Lemma is_derive_fcf_c c gam Rw x : Rw + gam * x ^ 2 <> 0 ->
  is_derive (fun t => fcf t gam Rw x) c (dfcf_c gam Rw x).
Proof. intros Hd. unfold fcf, dfcf_c. auto_derive; [tauto|]. field. exact Hd. Qed.

Lemma is_derive_fcf_x c gam Rw x : Rw + gam * x ^ 2 <> 0 ->
  is_derive (fun y => fcf c gam Rw y) x (dfcf_x c gam Rw x).
Proof. intros Hd. unfold fcf, dfcf_x. auto_derive; [tauto|]. field. exact Hd. Qed.

Lemma is_derive_share_c c gam Rw x : x <> 0 -> Rw + gam * x ^ 2 <> 0 ->
  is_derive (fun t => fcf t gam Rw x / x) c (dshare_c gam Rw x).
Proof. intros Hx Hd. unfold fcf, dshare_c. auto_derive; [tauto|]. field. tauto. Qed.

Lemma is_derive_share_x c gam Rw x : x <> 0 -> Rw + gam * x ^ 2 <> 0 ->
  is_derive (fun y => fcf c gam Rw y / y) x (dshare_x c gam Rw x).
Proof. intros Hx Hd. unfold fcf, dshare_x. auto_derive; [tauto|]. field. tauto. Qed.

Lemma is_derive_fcf_along (K : R -> R) a Kp gam Rw :
  is_derive K a Kp -> Rw + gam * K a ^ 2 <> 0 ->
  is_derive (fun t => fcf t gam Rw (K t)) a
    (dfcf_c gam Rw (K a) + dfcf_x a gam Rw (K a) * Kp).
Proof.
  intros HK Hd. unfold fcf, dfcf_c, dfcf_x.
  auto_derive.
  { repeat split; try (exists Kp; exact HK). intros E; apply Hd; rewrite <- E; ring. }
  replace (Derive (fun y => K y) a) with Kp by (symmetry; exact (is_derive_unique K a Kp HK)).
  field. exact Hd.
Qed.

Lemma is_derive_share_along (K : R -> R) a Kp gam Rw :
  is_derive K a Kp -> K a <> 0 -> Rw + gam * K a ^ 2 <> 0 ->
  is_derive (fun t => fcf t gam Rw (K t) / K t) a
    (dshare_c gam Rw (K a) + dshare_x a gam Rw (K a) * Kp).
Proof.
  intros HK Hx Hd. unfold fcf, dshare_c, dshare_x.
  auto_derive.
  { repeat split; try (exists Kp; exact HK); try exact Hx.
    intros E; apply Hd; rewrite <- E; ring. }
  replace (Derive (fun y => K y) a) with Kp by (symmetry; exact (is_derive_unique K a Kp HK)).
  field. tauto.
Qed.

Lemma Hstar_upd_same n gam Rw c k : Hstar n gam Rw (upd c k (c k)) = Hstar n gam Rw c.
Proof.
  unfold Hstar. f_equal. apply sumR_ext. intros m _.
  destruct (Nat.eq_dec m k) as [->|Hmk]; [apply upd_eq|apply upd_neq, Hmk].
Qed.

Section Comparative_statics.
Variables (n : nat) (gam Rw dG : R) (c : nat -> R).
Hypotheses (HdG : is_derive (gcf n gam Rw) (sumR n c) dG)
  (Hden : Rw + gam * Hstar n gam Rw c ^ 2 <> 0) (HH : Hstar n gam Rw c <> 0).

Lemma is_derive_Hstar_upd k : (k < n)%nat ->
  is_derive (fun t => Hstar n gam Rw (upd c k t)) (c k) dG.
Proof.
  intros Hk. apply (is_derive_ext (fun t => gcf n gam Rw (sumR n c + (t - c k)))).
  - intros t. unfold Hstar. now rewrite sumR_upd.
  - now apply is_derive_translate.
Qed.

-*-

> _EXERCISE DETAILS_
Read the data above. Pull out each line in which the string "field" appears.

> _EXERCISE OUTPUT_
Proof. intros Hd. unfold fcf, dfcf_c. auto_derive; [tauto|]. field. exact Hd. Qed.
Proof. intros Hd. unfold fcf, dfcf_x. auto_derive; [tauto|]. field. exact Hd. Qed.
Proof. intros Hx Hd. unfold fcf, dshare_c. auto_derive; [tauto|]. field. tauto. Qed.
Proof. intros Hx Hd. unfold fcf, dshare_x. auto_derive; [tauto|]. field. tauto. Qed.
  field. exact Hd.
  field. tauto.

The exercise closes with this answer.